# WHAT IS NEEDED
In the records that follow, find the line with "Theorem mainTheorem3 (R"; from there, retype every line exactly through the line with "(forall i, \sum_(j < n) Amat B i j * zeta", which also belongs to the answer.

──────────────────────────────

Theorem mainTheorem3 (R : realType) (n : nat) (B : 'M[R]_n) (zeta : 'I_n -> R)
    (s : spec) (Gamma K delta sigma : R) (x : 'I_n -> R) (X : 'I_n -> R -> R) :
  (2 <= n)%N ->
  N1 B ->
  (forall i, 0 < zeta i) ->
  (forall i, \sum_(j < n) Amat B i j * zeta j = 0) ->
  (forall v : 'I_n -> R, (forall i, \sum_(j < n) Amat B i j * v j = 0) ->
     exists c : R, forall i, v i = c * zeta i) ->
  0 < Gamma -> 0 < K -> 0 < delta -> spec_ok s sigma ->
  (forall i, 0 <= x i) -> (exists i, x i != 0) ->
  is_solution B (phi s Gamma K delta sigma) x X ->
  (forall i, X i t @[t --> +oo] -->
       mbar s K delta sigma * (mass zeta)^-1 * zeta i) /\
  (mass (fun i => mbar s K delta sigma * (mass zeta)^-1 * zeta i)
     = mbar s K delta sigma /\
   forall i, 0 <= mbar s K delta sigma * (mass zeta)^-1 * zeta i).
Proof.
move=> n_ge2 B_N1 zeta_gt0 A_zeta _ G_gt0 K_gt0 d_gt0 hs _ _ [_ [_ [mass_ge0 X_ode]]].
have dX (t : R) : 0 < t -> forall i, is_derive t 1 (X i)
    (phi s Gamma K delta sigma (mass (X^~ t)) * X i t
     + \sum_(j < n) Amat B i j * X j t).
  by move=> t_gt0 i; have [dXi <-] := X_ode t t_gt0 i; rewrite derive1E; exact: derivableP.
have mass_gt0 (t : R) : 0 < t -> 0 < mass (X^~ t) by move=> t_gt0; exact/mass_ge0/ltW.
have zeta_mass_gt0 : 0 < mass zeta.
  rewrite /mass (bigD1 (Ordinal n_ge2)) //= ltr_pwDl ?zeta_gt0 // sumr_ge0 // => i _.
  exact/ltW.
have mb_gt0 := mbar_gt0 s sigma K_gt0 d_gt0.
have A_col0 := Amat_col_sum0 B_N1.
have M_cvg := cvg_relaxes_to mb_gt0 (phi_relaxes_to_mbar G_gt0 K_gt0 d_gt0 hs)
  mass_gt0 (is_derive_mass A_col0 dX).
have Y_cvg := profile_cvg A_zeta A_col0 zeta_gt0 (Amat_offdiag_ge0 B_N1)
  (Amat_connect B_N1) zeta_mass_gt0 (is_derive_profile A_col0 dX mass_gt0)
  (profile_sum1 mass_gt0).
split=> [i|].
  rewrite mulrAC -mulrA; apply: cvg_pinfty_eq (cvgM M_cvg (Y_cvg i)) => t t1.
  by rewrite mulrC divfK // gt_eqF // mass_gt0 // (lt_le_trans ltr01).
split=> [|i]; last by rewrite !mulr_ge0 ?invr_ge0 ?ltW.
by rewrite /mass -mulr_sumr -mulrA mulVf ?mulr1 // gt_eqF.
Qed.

──────────────────────────────

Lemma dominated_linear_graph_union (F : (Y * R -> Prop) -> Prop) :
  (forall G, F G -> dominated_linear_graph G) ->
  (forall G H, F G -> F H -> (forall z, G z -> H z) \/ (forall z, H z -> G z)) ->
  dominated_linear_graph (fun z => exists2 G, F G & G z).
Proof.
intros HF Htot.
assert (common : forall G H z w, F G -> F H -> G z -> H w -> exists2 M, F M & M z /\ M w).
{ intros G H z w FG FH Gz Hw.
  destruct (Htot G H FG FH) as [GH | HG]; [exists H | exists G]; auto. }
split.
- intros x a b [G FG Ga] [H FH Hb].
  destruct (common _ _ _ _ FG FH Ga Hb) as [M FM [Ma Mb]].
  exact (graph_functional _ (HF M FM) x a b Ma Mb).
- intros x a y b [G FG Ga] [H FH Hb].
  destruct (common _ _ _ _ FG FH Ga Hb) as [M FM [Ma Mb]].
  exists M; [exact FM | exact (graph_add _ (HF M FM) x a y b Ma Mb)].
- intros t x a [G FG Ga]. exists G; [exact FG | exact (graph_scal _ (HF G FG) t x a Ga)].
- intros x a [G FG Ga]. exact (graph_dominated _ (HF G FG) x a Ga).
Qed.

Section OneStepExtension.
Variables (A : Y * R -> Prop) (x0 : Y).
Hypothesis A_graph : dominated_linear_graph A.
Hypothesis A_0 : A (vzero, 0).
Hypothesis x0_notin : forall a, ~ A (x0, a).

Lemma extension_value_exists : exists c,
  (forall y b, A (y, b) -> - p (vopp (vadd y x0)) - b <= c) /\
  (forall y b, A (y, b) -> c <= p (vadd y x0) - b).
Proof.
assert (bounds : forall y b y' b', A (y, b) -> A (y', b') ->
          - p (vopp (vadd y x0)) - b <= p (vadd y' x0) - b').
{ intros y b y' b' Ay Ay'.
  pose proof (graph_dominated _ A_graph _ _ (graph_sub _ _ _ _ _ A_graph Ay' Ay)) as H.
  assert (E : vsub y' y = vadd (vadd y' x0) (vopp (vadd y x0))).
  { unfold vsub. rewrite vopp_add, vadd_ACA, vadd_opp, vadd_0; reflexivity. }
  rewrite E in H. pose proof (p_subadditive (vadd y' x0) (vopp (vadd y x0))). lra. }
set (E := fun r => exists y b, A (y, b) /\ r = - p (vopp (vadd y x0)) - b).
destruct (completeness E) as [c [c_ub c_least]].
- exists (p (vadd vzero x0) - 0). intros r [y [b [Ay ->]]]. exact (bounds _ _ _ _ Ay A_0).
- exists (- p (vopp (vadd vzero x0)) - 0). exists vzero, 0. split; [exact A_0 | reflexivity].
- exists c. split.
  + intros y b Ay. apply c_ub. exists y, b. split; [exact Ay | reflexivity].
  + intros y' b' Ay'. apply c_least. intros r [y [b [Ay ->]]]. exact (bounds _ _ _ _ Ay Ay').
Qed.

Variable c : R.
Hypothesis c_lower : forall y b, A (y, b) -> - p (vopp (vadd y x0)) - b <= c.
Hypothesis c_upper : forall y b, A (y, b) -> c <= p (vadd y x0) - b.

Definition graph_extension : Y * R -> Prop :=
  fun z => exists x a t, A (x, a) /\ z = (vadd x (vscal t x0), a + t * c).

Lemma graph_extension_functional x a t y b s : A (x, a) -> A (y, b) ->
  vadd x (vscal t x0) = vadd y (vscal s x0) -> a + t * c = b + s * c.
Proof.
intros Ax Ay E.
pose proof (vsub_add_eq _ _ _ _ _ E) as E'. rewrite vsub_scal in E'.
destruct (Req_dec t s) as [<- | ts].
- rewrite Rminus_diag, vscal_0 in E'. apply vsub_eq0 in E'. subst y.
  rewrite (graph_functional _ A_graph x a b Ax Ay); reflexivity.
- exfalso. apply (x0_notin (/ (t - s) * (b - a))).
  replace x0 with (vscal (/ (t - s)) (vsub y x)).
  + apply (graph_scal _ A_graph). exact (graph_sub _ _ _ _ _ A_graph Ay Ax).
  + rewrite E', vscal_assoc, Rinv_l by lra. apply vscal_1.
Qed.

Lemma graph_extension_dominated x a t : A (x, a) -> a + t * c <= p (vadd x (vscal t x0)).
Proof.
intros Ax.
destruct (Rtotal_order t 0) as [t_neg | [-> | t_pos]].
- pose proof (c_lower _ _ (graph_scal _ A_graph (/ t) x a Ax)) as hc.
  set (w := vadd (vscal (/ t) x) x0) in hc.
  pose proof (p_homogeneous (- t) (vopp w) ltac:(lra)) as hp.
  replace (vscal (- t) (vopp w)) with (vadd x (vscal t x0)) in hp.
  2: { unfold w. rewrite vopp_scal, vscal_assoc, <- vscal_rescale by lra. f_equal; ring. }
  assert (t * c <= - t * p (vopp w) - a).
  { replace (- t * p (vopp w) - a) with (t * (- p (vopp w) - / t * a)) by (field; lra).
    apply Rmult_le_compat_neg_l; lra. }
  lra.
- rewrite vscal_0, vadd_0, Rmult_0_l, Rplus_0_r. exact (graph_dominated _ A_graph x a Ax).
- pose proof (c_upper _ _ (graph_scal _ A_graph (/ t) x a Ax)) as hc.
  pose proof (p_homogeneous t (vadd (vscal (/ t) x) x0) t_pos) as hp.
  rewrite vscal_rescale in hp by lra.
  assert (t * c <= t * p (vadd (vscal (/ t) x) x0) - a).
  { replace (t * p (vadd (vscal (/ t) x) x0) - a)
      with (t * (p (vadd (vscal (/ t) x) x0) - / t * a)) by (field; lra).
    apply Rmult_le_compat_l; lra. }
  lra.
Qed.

──────────────────────────────

# SOLUTION TO THIS EXERCISE
Theorem mainTheorem3 (R : realType) (n : nat) (B : 'M[R]_n) (zeta : 'I_n -> R)
    (s : spec) (Gamma K delta sigma : R) (x : 'I_n -> R) (X : 'I_n -> R -> R) :
  (2 <= n)%N ->
  N1 B ->
  (forall i, 0 < zeta i) ->
  (forall i, \sum_(j < n) Amat B i j * zeta j = 0) ->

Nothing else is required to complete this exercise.